- RECORDS FOR THE TASK:
(* Let $K\subseteq\mathbb R^2$ be a compact set containing no array on three points. For each $l\in\mathbb N$ and each $\alpha>0$ there exists $n_0\in\mathbb N$ such that for all $n\ge n_0$ the following holds: if $u_0u_1\ldots u_k$ is a path in the graph $\Gamma^n$ such that $|p(u_0)-p(u_1)|\ge\alpha$ and $|q(u_{k-1})-q(u_k)|\ge\alpha$, then $k>l$.
   Context: An array on three points is a triple $a_1,a_2,a_3$ of points in the plane with $a_1\ne a_2$, $a_2\ne a_3$, such that the segments $[a_1;a_2]$ and $[a_2;a_3]$ are each parallel to a coordinate axis and are mutually orthogonal. Let $p,q:\mathbb R^2\to\mathbb R$ be $p(x,y)=x$, $q(x,y)=y$. For $n\in\mathbb N$ the graph $\Gamma^n$ is defined as follows: its vertex set $V(\Gamma^n)$ consists of all lattice points $(i/2^n,j/2^n)$, $i,j\in\mathbb Z$, such that the square $[i/2^n;(i+1)/2^n)\times[j/2^n;(j+1)/2^n)$ meets $K$; its edges are all two-element sets $\{u_1,u_2\}$ of vertices with $|p(u_1)-p(u_2)|\le 1/2^n$ or $|q(u_1)-q(u_2)|\le 1/2^n$. A path of length $k$ is a sequence $u_0,u_1,\dots,u_k$ of pairwise distinct vertices such that each two consecutive ones form an edge. *)

From HB Require Import structures.
From mathcomp Require Import all_boot all_order all_algebra.
From mathcomp Require Import all_classical all_reals all_analysis.
Set Implicit Arguments. Unset Strict Implicit. Unset Printing Implicit Defensive.
Import Order.TTheory GRing.Theory Num.Theory.
Local Open Scope ring_scope.
Local Open Scope classical_set_scope.

Section Defs.
Variable R : realType.

Definition p (u : R * R) : R := u.1.
Definition q (u : R * R) : R := u.2.

Definition is_array (a1 a2 a3 : R * R) : Prop :=
  a1 <> a2 /\ a2 <> a3 /\
  ((q a1 = q a2 /\ p a2 = p a3) \/ (p a1 = p a2 /\ q a2 = q a3)).

Definition no_array (K : set (R * R)) : Prop :=
  forall a1 a2 a3, K a1 -> K a2 -> K a3 -> ~ is_array a1 a2 a3.

Definition mesh (n : nat) : R := (2%:R ^+ n)^-1.

Definition vertex (K : set (R * R)) (n : nat) (u : R * R) : Prop :=
  exists i j : int,
    u = (i%:~R * mesh n, j%:~R * mesh n) /\
    exists x, K x /\
      i%:~R * mesh n <= p x < (i + 1)%:~R * mesh n /\
      j%:~R * mesh n <= q x < (j + 1)%:~R * mesh n.

Definition edge (K : set (R * R)) (n : nat) (u1 u2 : R * R) : Prop :=
  vertex K n u1 /\ vertex K n u2 /\ u1 <> u2 /\
  (`|p u1 - p u2| <= mesh n \/ `|q u1 - q u2| <= mesh n).

Definition is_path (K : set (R * R)) (n : nat) (u : nat -> R * R) (k : nat) : Prop :=
  (forall i, (i <= k)%N -> vertex K n (u i)) /\
  (forall i j, (i <= k)%N -> (j <= k)%N -> u i = u j -> i = j) /\
  (forall i, (i < k)%N -> edge K n (u i) (u i.+1)).

End Defs.

From HB Require Import structures.
From mathcomp Require Import all_boot all_order all_algebra.
From mathcomp Require Import all_classical all_reals all_analysis.
From mathcomp Require Import lra.
Set Implicit Arguments. Unset Strict Implicit. Unset Printing Implicit Defensive.
Import Order.TTheory GRing.Theory Num.Theory.
Local Open Scope ring_scope.
Local Open Scope classical_set_scope.

(* Give every chain c_0, ..., c_k of points of K a defect: the sum over its steps
   of min(|dp|, |dq|), plus the amounts by which the horizontal gap of the first
   step and the vertical gap of the last step fall short of a. A chain of defect
   0 moves along axis-parallel segments, starts horizontally and ends vertically;
   without arrays a chain that starts horizontally can never turn, so the defect
   is positive. It is continuous on the compact set K^(k+1), hence bounded below
   by some e > 0, uniformly in k <= l. A path of length k in Gamma^n is shadowed
   within 2^-n by a chain of K whose defect is at most 3k 2^-n (taking a = alpha/2),
   which is < e for large n. *)

Section AxisChains.
Variable R : realType.
Implicit Types (K : set (R * R)) (a b : R * R) (c : nat -> R * R).

Definition axis_aligned a b := p a = p b \/ q a = q b.

Lemma aligned_chain_stays_horizontal K k c : no_array K ->
  (forall i, (i <= k)%N -> K (c i)) ->
  (forall j, (j < k)%N -> axis_aligned (c j) (c j.+1)) ->
  p (c 0%N) <> p (c 1%N) ->
  forall j, (j <= k)%N -> q (c j) = q (c 0%N).
Proof.
move=> noK Kc al p01 [//|j].
(* Another point of K on the horizontal line through c_(i+1) turns any vertical
   step out of c_(i+1) into an array. *)
suff : forall i, (i < k)%N ->
    q (c i.+1) = q (c 0%N) /\ exists2 a, K a & a <> c i.+1 /\ q a = q (c i.+1).
  by move=> H /H [].
elim=> [|i IH] ltik.
  have q01 : q (c 0%N) = q (c 1%N) by case: (al 0%N ltik).
  by split=> //; exists (c 0%N); [apply: Kc | split=> // e01; apply: p01; rewrite e01].
have [qi [a Ka [nai qa]]] := IH (ltnW ltik).
have q_step : q (c i.+1) = q (c i.+2).
  case: (al i.+1 ltik) => // pi.
  case: (eqVneq (c i.+1) (c i.+2)) => [-> //|ni].
  apply: False_ind; apply: (noK _ _ _ Ka (Kc _ (ltnW ltik)) (Kc _ ltik)).
  by split; [|split; [exact/eqP|left]].
split; first by rewrite -q_step.
case: (eqVneq (c i.+1) (c i.+2)) => [ei|ni].
- by exists a; rewrite // -ei.
- by exists (c i.+1); [apply: Kc; rewrite ltnW | split; [exact/eqP|]].
Qed.

End AxisChains.

Section Defect.
Variable R : realType.
Implicit Types (K : set (R * R)) (a b : R * R) (c : nat -> R * R).

Definition axis_gap a b : R := Num.min `|p a - p b| `|q a - q b|.

Definition defect (k : nat) (alpha : R) c : R :=
  \sum_(j < k) axis_gap (c j) (c j.+1)
  + Num.max 0 (alpha - `|p (c 0%N) - p (c 1%N)|)
  + Num.max 0 (alpha - `|q (c k.-1) - q (c k)|).

Lemma axis_gap_ge0 a b : 0 <= axis_gap a b.
Proof. by rewrite le_min !normr_ge0. Qed.

Lemma axis_gap_eq0 a b : axis_gap a b = 0 -> axis_aligned a b.
Proof.
by rewrite /axis_gap minEle; case: ifP => _ /normr0_eq0/subr0_eq; [left|right].
Qed.

Lemma defect_ge0 k alpha c : 0 <= defect k alpha c.
Proof.
by rewrite !addr_ge0 ?sumr_ge0 ?le_max ?lexx // => j _; apply: axis_gap_ge0.
Qed.

Lemma eq_defect k alpha c c' : (0 < k)%N -> (forall j, (j <= k)%N -> c j = c' j) ->
  defect k alpha c = defect k alpha c'.
Proof.
move=> k_gt0 ecc'; rewrite /defect !ecc' ?leq_pred //.
by congr (_ + _ + _); apply: eq_bigr => j _; rewrite !ecc' // ltnW.
Qed.

Lemma defect_gt0 K k alpha c : no_array K -> (0 < k)%N -> 0 < alpha ->
  (forall i, (i <= k)%N -> K (c i)) -> 0 < defect k alpha c.
Proof.
move=> noK k_gt0 alpha_gt0 Kc; rewrite lt_def defect_ge0 andbT.
apply/eqP; rewrite /defect => /eqP.
rewrite !paddr_eq0 ?addr_ge0 ?sumr_ge0 ?le_max ?lexx //; try by move=> j _; apply: axis_gap_ge0.
case/andP => /andP [/eqP gaps0 /eqP pos1] /eqP pos2.
have distinct (x y : R) : Num.max 0 (alpha - `|x - y|) = 0 -> x <> y.
  by move=> + exy; rewrite exy subrr normr0 subr0 maxEle (ltW alpha_gt0) => /eqP; rewrite gt_eqF.
have aligned j : (j < k)%N -> axis_aligned (c j) (c j.+1).
  move=> ltjk; apply: axis_gap_eq0.
  have gap_ge0 (i : 'I_k) : true -> 0 <= axis_gap (c i) (c i.+1) by move=> _; exact: axis_gap_ge0.
  exact: (psumr_eq0P gap_ge0 gaps0 (i := Ordinal ltjk)).
have qc := aligned_chain_stays_horizontal noK Kc aligned (distinct _ _ pos1).
by apply: (distinct _ _ pos2); rewrite !qc ?leq_pred.
Qed.

End Defect.

Section Compactness.
Variable R : realType.

Lemma compact_pos_lbound (T : topologicalType) (f : T -> R^o) (A : set T) :
  compact A -> {within A, continuous f} -> (forall x, A x -> 0 < f x) ->
  exists2 e : R, 0 < e & forall x, A x -> e <= f x.
Proof.
move=> cA cf f_gt0.
have clfA : closed (f @` A).
  by apply: compact_closed; [exact: norm_hausdorff | exact: continuous_compact].
have : nbhs (0 : R^o) (~` (f @` A)).
  apply: open_nbhs_nbhs; split; first exact: closed_openC.
  by move=> [x Ax fx0]; move: (f_gt0 x Ax); rewrite fx0 ltxx.
move=> /nbhs_ballP [e e_gt0 ball_fA]; exists e => // x Ax.
rewrite leNgt; apply/negP => fx_lt_e; apply: (ball_fA (f x)); last by exists x.
by rewrite -ball_normE /= sub0r normrN gtr0_norm ?f_gt0.
Qed.

Import ArrowAsProduct.

(* Chains of k+1 points are functions on 'I_k.+1, so that they carry the product
   topology (and Tychonoff applies); [inord] reads them as sequences. *)
Local Notation chain k := ('I_k.+1 -> R^o * R^o).

Lemma defect_chain_continuous k alpha :
  continuous (fun c : chain k => defect k alpha (fun j => c (inord j)) : R^o).
Proof.
have coord j (f : R^o * R^o -> R^o) : continuous f ->
    continuous (fun c : chain k => f (c (inord j))).
  move=> cf c; apply: continuous_comp; last exact: cf.
  exact: (@proj_continuous _ (fun=> (R^o * R^o)%type)).
have dist i j (f : R^o * R^o -> R^o) : continuous f -> continuous
    (fun c : chain k => `|f (c (inord i)) - f (c (inord j))| : R^o).
  move=> cf c; apply: (@continuous_comp _ _ _
    (fun c => f (c (inord i)) - f (c (inord j))) (Num.norm : R^o -> R^o)).
    exact: continuousB (coord i f cf c) (coord j f cf c).
  exact: norm_continuous.
have [cp cq] : continuous (@p R : R^o * R^o -> R^o) /\ continuous (@q R : R^o * R^o -> R^o).
  by split=> x; [exact: cvg_fst | exact: cvg_snd].
have gaps : continuous (fun c : chain k =>
    \sum_(j < k) axis_gap (c (inord j)) (c (inord j.+1)) : R^o).
  apply: continuous_big => [|j _ c]; first exact: add_continuous.
  exact: continuous_min (dist _ _ _ cp c) (dist _ _ _ cq c).
have excess i j (f : R^o * R^o -> R^o) : continuous f -> continuous
    (fun c : chain k => Num.max 0 (alpha - `|f (c (inord i)) - f (c (inord j))|) : R^o).
  move=> cf c; exact: continuous_max (@cst_continuous _ _ (0 : R^o) c)
    (continuousB (@cst_continuous _ _ (alpha : R^o) c) (dist i j f cf c)).
by move=> c; apply: continuousD (continuousD (gaps c) (excess _ _ _ cp c)) (excess _ _ _ cq c).
Qed.

Lemma defect_lbound (K : set (R^o * R^o)) k alpha :
  compact K -> no_array K -> (0 < k)%N -> 0 < alpha ->
  exists2 e : R, 0 < e & forall c : nat -> R * R,
    (forall i, (i <= k)%N -> K (c i)) -> e <= defect k alpha c.
Proof.
move=> cK noK k_gt0 alpha_gt0.
pose chains := [set c : chain k | forall i, K (c i)].
have chains_compact : compact chains.
  exact: (@tychonoff _ (fun=> (R^o * R^o)%type) (fun=> K)).
have defect_cont := @defect_chain_continuous k alpha.
have defect_pos c : chains c -> 0 < defect k alpha (fun j => c (inord j)).
  by move=> Kc; apply: (defect_gt0 noK) => // i _; exact: Kc.
have [e e_gt0 He] := compact_pos_lbound chains_compact
  (continuous_subspaceT defect_cont) defect_pos.
exists e => // c Kc.
rewrite (@eq_defect _ _ _ c (fun j => (fun i : 'I_k.+1 => c i) (inord j))) //.
  by apply: (He (fun i : 'I_k.+1 => c i)) => i; apply: Kc; rewrite -ltnS.
by move=> j ljk; rewrite /= inordK.
Qed.

Lemma defect_uniform_lbound (K : set (R^o * R^o)) l alpha :
  compact K -> no_array K -> 0 < alpha ->
  exists2 e : R, 0 < e & forall k (c : nat -> R * R), (0 < k <= l)%N ->
    (forall i, (i <= k)%N -> K (c i)) -> e <= defect k alpha c.
Proof.
move=> cK noK alpha_gt0; elim: l => [|l [e1 e1_gt0 He1]].
  by exists 1 => // k c /andP [k_gt0 /(leq_trans k_gt0)].
have [e2 e2_gt0 He2] := defect_lbound cK noK (ltn0Sn l) alpha_gt0.
exists (Num.min e1 e2) => [|k c /andP [k_gt0]]; first by rewrite lt_min e1_gt0 e2_gt0.
rewrite leq_eqVlt => /orP [/eqP -> | ltkl] Kc; rewrite ge_min.
- by rewrite He2 ?orbT.
- by rewrite He1 ?k_gt0.
Qed.

End Compactness.

Section Grid.
Variable R : realType.

Lemma mesh_gt0 n : 0 < mesh R n.
Proof. by rewrite /mesh invr_gt0 exprn_gt0. Qed.

Lemma mesh_eventually_lt (d : R) : 0 < d ->
  exists n0, forall n, (n0 <= n)%N -> mesh R n < d.
Proof.
move=> d_gt0; exists (Num.truncn d^-1).+1 => n le_n0n.
have lt_inv_n : d^-1 < n%:R by rewrite -truncn_lt_nat ?invr_ge0 ?ltW.
have lt_n_pow2 : (n%:R : R) < 2%:R ^+ n by rewrite -natrX ltr_nat ltn_expl.
rewrite /mesh -(invrK d) ltf_pV2 ?posrE ?exprn_gt0 ?invr_gt0 //.
exact: lt_trans lt_inv_n lt_n_pow2.
Qed.

Lemma vertex_shadow (K : set (R * R)) n u : vertex K n u ->
  exists2 x, K x & `|p u - p x| <= mesh R n /\ `|q u - q x| <= mesh R n.
Proof.
move=> [i [j [-> [x [Kx [/andP [px1 px2] /andP [qx1 qx2]]]]]]].
exists x => //; rewrite /p /q /= in px1 px2 qx1 qx2 *.
rewrite !intrD !mulrDl !mul1r in px2 qx2.
by split; rewrite distrC ger0_norm ?subr_ge0 // lerBlDl ltW.
Qed.

Lemma path_shadow (K : set (R * R)) n u k : is_path K n u k ->
  exists c : nat -> R * R, forall i, (i <= k)%N ->
    K (c i) /\ `|p (u i) - p (c i)| <= mesh R n /\ `|q (u i) - q (c i)| <= mesh R n.
Proof.
move=> [vert _].
have /choice [c Hc] : forall i, exists x : R * R, (i <= k)%N ->
    K x /\ `|p (u i) - p x| <= mesh R n /\ `|q (u i) - q x| <= mesh R n.
  move=> i; case: (leqP i k) => [/vert/vertex_shadow [x Kx [px qx]] | ltki].
  - by exists x.
  - by exists (u i).
by exists c.
Qed.

Lemma path_step_short (K : set (R * R)) n u k j : is_path K n u k -> (j < k)%N ->
  `|p (u j) - p (u j.+1)| <= mesh R n \/ `|q (u j) - q (u j.+1)| <= mesh R n.
Proof. by move=> [_ [_ edges]] /edges [_ [_ []]]. Qed.

Lemma ler_dist_perturb (x y x' y' m : R) :
  `|x - x'| <= m -> `|y - y'| <= m -> `|x' - y'| <= `|x - y| + 2 * m.
Proof.
rewrite distrC => xx' yy'.
have := ler_distD x x' y'; have := ler_distD y x y'; lra.
Qed.

Lemma defect_shadow_le (u c : nat -> R * R) k alpha m : (0 < k)%N ->
  (forall i, (i <= k)%N -> `|p (u i) - p (c i)| <= m /\ `|q (u i) - q (c i)| <= m) ->
  (forall j, (j < k)%N -> `|p (u j) - p (u j.+1)| <= m \/ `|q (u j) - q (u j.+1)| <= m) ->
  alpha <= `|p (u 0%N) - p (u 1%N)| -> alpha <= `|q (u k.-1) - q (u k)| ->
  4 * m <= alpha -> defect k (alpha / 2) c <= 3 * m * k%:R.
Proof.
move=> k_gt0 near steps gap0 gapk m_small.
have end_gap (x y x' y' : R) : `|x - x'| <= m -> `|y - y'| <= m -> alpha <= `|x - y| ->
    Num.max 0 (alpha / 2 - `|x' - y'|) = 0.
  rewrite (distrC x) (distrC y) => xx' yy' gap; apply/max_idPl.
  have := ler_dist_perturb xx' yy'; lra.
rewrite /defect (end_gap _ _ _ _ (near 0%N isT).1 (near 1%N k_gt0).1 gap0).
rewrite (end_gap _ _ _ _ (near k.-1 (leq_pred k)).2 (near k (leqnn k)).2 gapk) !addr0.
rewrite mulr_natr -[in X in _ <= X](card_ord k) -sumr_const; apply: ler_sum => j _.
have [[pj qj] [pj1 qj1]] := (near j (ltnW (ltn_ord j)), near j.+1 (ltn_ord j)).
rewrite ge_min; case: (steps j (ltn_ord j)) => step; apply/orP; [left|right].
- by have := ler_dist_perturb pj pj1; lra.
- by have := ler_dist_perturb qj qj1; lra.
Qed.
End Grid.

Theorem mainTheorem2 (R : realType) (K : set (R^o * R^o)) :
  compact K -> no_array K ->
  forall (l : nat) (alpha : R), 0 < alpha ->
  exists n0 : nat, forall n : nat, (n0 <= n)%N ->
    forall (u : nat -> R * R) (k : nat),
      (0 < k)%N ->
      is_path K n u k ->
      alpha <= `|p (u 0%N) - p (u 1%N)| ->
      alpha <= `|q (u k.-1) - q (u k)| ->
      (l < k)%N.
Proof.
move=> cK noK l alpha alpha_gt0.
have [e e_gt0 He] := defect_uniform_lbound l cK noK (divr_gt0 alpha_gt0 (ltr0n _ 2)).
pose d := Num.min (e / (3 * l.+1)%:R) (alpha / 4).
have d_gt0 : 0 < d by rewrite lt_min !divr_gt0 ?ltr0n ?muln_gt0.
have [n0 mesh_lt_d] := mesh_eventually_lt d_gt0.
exists n0 => n le_n0n u k k_gt0 path_u gap0 gapk; rewrite ltnNge; apply/negP => le_kl.
have [c shadow] := path_shadow path_u.
have k_range : (0 < k <= l)%N by rewrite k_gt0.
have e_le := He k c k_range (fun i le_ik => proj1 (shadow i le_ik)).
have mesh_le := defect_shadow_le k_gt0 (fun i le_ik => proj2 (shadow i le_ik))
  (fun j => path_step_short path_u) gap0 gapk.
have mesh_d := mesh_lt_d n le_n0n; have mesh_pos := mesh_gt0 R n.
have mesh_alpha : 4 * mesh R n <= alpha.
  have : d <= alpha / 4 by rewrite ge_min lexx orbT.
  lra.
have mesh_e : mesh R n * (3 * l.+1)%:R < e.
  by rewrite -ltr_pdivlMr ?ltr0n ?muln_gt0 //; apply: lt_le_trans mesh_d _; rewrite ge_min lexx.
have := mesh_le mesh_alpha; move: mesh_e; rewrite natrM.
have : (k%:R : R) <= l.+1%:R by rewrite ler_nat ltnW.
nra.
Qed.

- TASK DIRECTIONS:
From the records above, repeat exactly the lines from the one with "move=> d_gt0; exists" through the one with "i) - q (c i)| <= m) ->", both included.

- SOLUTION TO THIS PROBLEM:
move=> d_gt0; exists (Num.truncn d^-1).+1 => n le_n0n.
have lt_inv_n : d^-1 < n%:R by rewrite -truncn_lt_nat ?invr_ge0 ?ltW.
have lt_n_pow2 : (n%:R : R) < 2%:R ^+ n by rewrite -natrX ltr_nat ltn_expl.
rewrite /mesh -(invrK d) ltf_pV2 ?posrE ?exprn_gt0 ?invr_gt0 //.
exact: lt_trans lt_inv_n lt_n_pow2.
Qed.

Lemma vertex_shadow (K : set (R * R)) n u : vertex K n u ->
  exists2 x, K x & `|p u - p x| <= mesh R n /\ `|q u - q x| <= mesh R n.
Proof.
move=> [i [j [-> [x [Kx [/andP [px1 px2] /andP [qx1 qx2]]]]]]].
exists x => //; rewrite /p /q /= in px1 px2 qx1 qx2 *.
rewrite !intrD !mulrDl !mul1r in px2 qx2.
by split; rewrite distrC ger0_norm ?subr_ge0 // lerBlDl ltW.
Qed.

Lemma path_shadow (K : set (R * R)) n u k : is_path K n u k ->
  exists c : nat -> R * R, forall i, (i <= k)%N ->
    K (c i) /\ `|p (u i) - p (c i)| <= mesh R n /\ `|q (u i) - q (c i)| <= mesh R n.
Proof.
move=> [vert _].
have /choice [c Hc] : forall i, exists x : R * R, (i <= k)%N ->
    K x /\ `|p (u i) - p x| <= mesh R n /\ `|q (u i) - q x| <= mesh R n.
  move=> i; case: (leqP i k) => [/vert/vertex_shadow [x Kx [px qx]] | ltki].
  - by exists x.
  - by exists (u i).
by exists c.
Qed.

Lemma path_step_short (K : set (R * R)) n u k j : is_path K n u k -> (j < k)%N ->
  `|p (u j) - p (u j.+1)| <= mesh R n \/ `|q (u j) - q (u j.+1)| <= mesh R n.
Proof. by move=> [_ [_ edges]] /edges [_ [_ []]]. Qed.

Lemma ler_dist_perturb (x y x' y' m : R) :
  `|x - x'| <= m -> `|y - y'| <= m -> `|x' - y'| <= `|x - y| + 2 * m.
Proof.
rewrite distrC => xx' yy'.
have := ler_distD x x' y'; have := ler_distD y x y'; lra.
Qed.

Lemma defect_shadow_le (u c : nat -> R * R) k alpha m : (0 < k)%N ->
  (forall i, (i <= k)%N -> `|p (u i) - p (c i)| <= m /\ `|q (u i) - q (c i)| <= m) ->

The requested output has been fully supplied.